▶ [WORK TO COMPLETE]
Report back each line of the records that contains the string "connectP".

▶ [DATASET]
========

Lemma mxtrace_sqr_spectral : \tr (A *m A) = \sum_i lambda i ^+ 2.
Proof.
have -> : A *m A = invmx U *m (diag_mx (spectral_diag A) *m diag_mx (spectral_diag A)) *m U.
  rewrite {1 2}spectral_similar -!mulmxA (mulmxA U (invmx U)).
  by rewrite mulmxV ?spectral_unit // mul1mx.
rewrite mxtrace_similar mulmx_diag mxtrace_diag.
by apply: eq_bigr => i _; rewrite mxE expr2.
Qed.

Lemma row_spectral_eigen i : row i U *m A = lambda i *: row i U.
Proof.
have UA : U *m A = diag_mx (spectral_diag A) *m U.
  by rewrite [X in U *m X]spectral_similar !mulmxA mulmxV ?spectral_unit // mul1mx.
by rewrite -row_mul UA mul_diag_mx; apply/rowP => j; rewrite !mxE.
Qed.

Lemma row_spectral_dot i j : \sum_k U i k * (U j k)^* = (i == j)%:R.
Proof.
have /unitarymxP /matrixP /(_ i j) := spectral_unitarymx A.
by rewrite !mxE => <-; apply: eq_bigr => k _; rewrite !mxE.
Qed.

Lemma row_spectral_neq0 i : row i U != 0.
Proof.
apply/eqP => /rowP Ui0; have := row_spectral_dot i i.
rewrite eqxx big1 => [/eqP|k _]; first by rewrite eq_sym oner_eq0.
by have := Ui0 k; rewrite !mxE => ->; rewrite mul0r.
Qed.

Lemma spectral_diag_eigenvalue (v : 'rV_n) a :
  v *m A = a *: v -> v != 0 -> exists i, lambda i = a.
Proof.
move=> vA v0; have : root (char_poly A) a.
  by rewrite -eigenvalue_root_char; apply/eigenvalueP; exists v.
rewrite char_poly_spectral /root horner_prod => /prodf_eq0 [i _].
by rewrite hornerXsubC subr_eq0 => /eqP ->; exists i.
Qed.

(* Two orthonormal rows of [U] in the eigenspace of [a] would have a nonzero
   combination vanishing at [k]. *)
Lemma spectral_diag_simple a k :
  (forall v : 'rV_n, v *m A = a *: v -> v 0 k = 0 -> v = 0) ->
  forall i j, lambda i = a -> lambda j = a -> i = j.
Proof.
move=> eigen_k i j li lj; apply/eqP/negPn/negP => nij.
pose z := U j k *: row i U - U i k *: row j U.
have zA : z *m A = a *: z.
  rewrite mulmxBl -!scalemxAl !row_spectral_eigen li lj !scalerA scalerBr !scalerA.
  by rewrite [a * U j k]mulrC [a * U i k]mulrC.
have z0 : z = 0 by apply: eigen_k zA _; rewrite !mxE mulrC subrr.
have Ujk0 : U j k = 0.
  have := congr1 (fun w : 'rV_n => \sum_l w 0 l * (U i l)^*) z0.
  under eq_bigr do rewrite !mxE mulrBl -!mulrA.
  rewrite sumrB -!mulr_sumr !row_spectral_dot eqxx eq_sym (negPf nij).
  by rewrite mulr1 mulr0 subr0 => ->; rewrite big1 // => l _; rewrite mxE mul0r.
have Uj_eigen : row j U *m A = a *: row j U by rewrite row_spectral_eigen lj.
have := eigen_k _ Uj_eigen; rewrite mxE => /(_ Ujk0) /eqP.
by rewrite (negPf (row_spectral_neq0 j)).
Qed.

End NormalMatrix.

Lemma dirichlet_eigen (I : finType) (E : I -> I -> algC) (s u : I -> algC) (l : algC) :
  (forall i j, E i j = E j i) -> (forall i, s i != 0) -> (forall i, (s i)^* = s i) ->
  (forall i, \sum_j E i j = s i * s i) ->
  (forall j, \sum_i u i * E i j / (s i * s j) = l * u j) ->
  \sum_i \sum_j E i j * `|u i / s i - u j / s j| ^+ 2 = 2 * (1 - l) * \sum_i `|u i| ^+ 2.
Proof.
move=> Esym s0 sC Erow Hu.
transitivity (\sum_i \sum_j E i j * ((u i / s i - u j / s j) * (u i / s i - u j / s j)^*)).
  by apply: eq_bigr => i _; apply: eq_bigr => j _; rewrite normCK.
transitivity (2 * (1 - l) * \sum_i u i * (u i)^*); last first.
  by congr (_ * _); apply: eq_bigr => i _; rewrite normCK.
pose y i := u i / s i.
have yC i : (y i)^* = (u i)^* / s i by rewrite /y rmorphM fmorphV /= sC.
have Ey j : \sum_i E i j * y i = l * u j * s j.
  rewrite -Hu mulr_suml; apply: eq_bigr => i _; rewrite /y.
  by field; apply/andP; split.
have diag_term : \sum_i \sum_j E i j * (y i * (y i)^*) = \sum_i u i * (u i)^*.
  apply: eq_bigr => i _; rewrite -mulr_suml Erow yC /y; field; exact: s0.
have cross_term : \sum_i \sum_j E i j * (y i * (y j)^*) = l * \sum_i u i * (u i)^*.
  rewrite exchange_big /= mulr_sumr; apply: eq_bigr => j _.
  have -> : \sum_i E i j * (y i * (y j)^*) = (\sum_i E i j * y i) * (y j)^*.
    by rewrite mulr_suml; apply: eq_bigr => i _; ring.
  by rewrite Ey yC; field.
have swap (F : I -> I -> algC) : \sum_i \sum_j E i j * F j i = \sum_i \sum_j E i j * F i j.
  by rewrite exchange_big; apply: eq_bigr => i _; apply: eq_bigr => j _; rewrite Esym.
have -> : \sum_i \sum_j E i j * ((u i / s i - u j / s j) * (u i / s i - u j / s j)^*)
  = \sum_i \sum_j (E i j * (y i * (y i)^*) + E i j * (y j * (y j)^*)
                   - E i j * (y i * (y j)^*) - E i j * (y j * (y i)^*)).
  apply: eq_bigr => i _; apply: eq_bigr => j _; rewrite rmorphB /= -/(y i) -/(y j); ring.
under eq_bigr do rewrite !sumrB big_split /=.
rewrite !sumrB big_split /= (swap (fun j i => y j * (y j)^*)) (swap (fun j i => y j * (y i)^*)).
rewrite diag_term cross_term; ring.
Qed.

Lemma set2_eq (T : finType) (x y u v : T) : x != y ->
  ([set x; y] == [set u; v]) = ((x, y) == (u, v)) || ((x, y) == (v, u)).
Proof.
move=> xy; apply/idP/idP => [/eqP xyE|]; last first.
  by case/orP => /eqP [-> ->] //; rewrite setUC.
move: (set21 x y) (set22 x y) xy; rewrite xyE !in_set2.
by move=> /orP[]/eqP-> /orP[]/eqP->; rewrite ?eqxx ?orbT.
Qed.

Lemma card_arc (T : finType) (e : rel T) : symmetric e -> irreflexive e ->
  #|{: arc e}| = (2 * nedges e)%N.
Proof.
move=> e_sym e_irr; rewrite card_sig.
pose A : {set T * T} := [set p | e p.1 p.2].
pose ends (p : T * T) := [set p.1; p.2].
have -> : #|[pred p : T * T | e p.1 p.2]| = #|A| by apply: eq_card => p; rewrite !inE.
have -> : nedges e = #|ends @: A|.
  apply: eq_card => E; rewrite !inE; apply/existsP/imsetP.
    by case=> u /existsP [v /andP [uv /eqP ->]]; exists (u, v); rewrite ?inE.
  case=> [[u v]]; rewrite inE /= => uv ->; exists u; apply/existsP; exists v.
  by rewrite uv eqxx.
rewrite -sum1_card (partition_big_imset ends) /= mulnC -sum_nat_const.
apply: eq_bigr => E /imsetP [[u v]]; rewrite inE /= => uv ->.
have u_neq_v (x y : T) : e x y -> x != y by apply: contraTneq => ->; rewrite e_irr.
have <- : #|[set (u, v); (v, u)]| = 2%N.
  by rewrite cards2 (_ : _ != _) //; apply: contraTneq uv => -[-> _]; rewrite e_irr.
rewrite sum1dep_card; apply: eq_card => [[x y]]; rewrite !inE /=.
have [xy|nxy] /= := boolP (e x y); first by rewrite set2_eq ?u_neq_v.
by symmetry; apply/negbTE; apply: contraNN nxy => /orP[]/eqP[-> ->]; rewrite // e_sym.
Qed.

Lemma connected_deg_gt0 (T : finType) (e : rel T) (u v : T) :
  irreflexive e -> connected_graph e -> e u v -> forall x, (0 < deg e x)%N.
Proof.
move=> e_irr e_conn uv x.
have [y yx /connectP [[|z p] /= xzp y_last]] : exists2 y, y != x & connect e x y.
  have [->|ux] := eqVneq x u; last by exists u; rewrite 1?eq_sym.
  by exists v => //; apply: contraTneq uv => ->; rewrite e_irr.
  by rewrite y_last eqxx in yx.
by rewrite /deg card_gt0; apply/set0Pn; exists z; rewrite inE; case/andP: xzp.
Qed.

Lemma connected_const (T : finType) (e : rel T) (R : Type) (f : T -> R) :
  connected_graph e -> (forall x y, e x y -> f x = f y) -> forall x y, f x = f y.
Proof.
move=> e_conn f_edge x y; have /connectP [p xp ->] := e_conn x y.
by elim: p x xp => [|z p IH] x //= /andP [/f_edge -> /IH].
Qed.

(** * The normalized adjacency matrix of a graph *)

Section Graph.
Variables (T : finType) (e : rel T).
Hypotheses (e_sym : symmetric e) (e_irr : irreflexive e).
Hypothesis deg_gt0 : forall x, (0 < deg e x)%N.

Definition degC (x : T) : algC := (deg e x)%:R.
Definition sdeg (x : T) : algC := sqrtC (degC x).
Definition adjC (x y : T) : algC := (e x y)%:R.

Definition nadj : 'M[algC]_#|T| :=
  \matrix_(i, j)
    (adjC (enum_val i) (enum_val j) / (sdeg (enum_val i) * sdeg (enum_val j))).

Definition arc_head_mx : 'M[algC]_(#|{: arc e}|, #|T|) :=
  \matrix_(a, i)
    (if (val (enum_val a : arc e)).2 == enum_val i then (sdeg (enum_val i))^-1 else 0).

Definition arc_tail_mx : 'M[algC]_(#|T|, #|{: arc e}|) :=
  \matrix_(i, b)
    (if (val (enum_val b : arc e)).1 == enum_val i then (sdeg (enum_val i))^-1 else 0).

========

▶ [ANSWER FOR THE TASK]
have [y yx /connectP [[|z p] /= xzp y_last]] : exists2 y, y != x & connect e x y.
move=> e_conn f_edge x y; have /connectP [p xp ->] := e_conn x y.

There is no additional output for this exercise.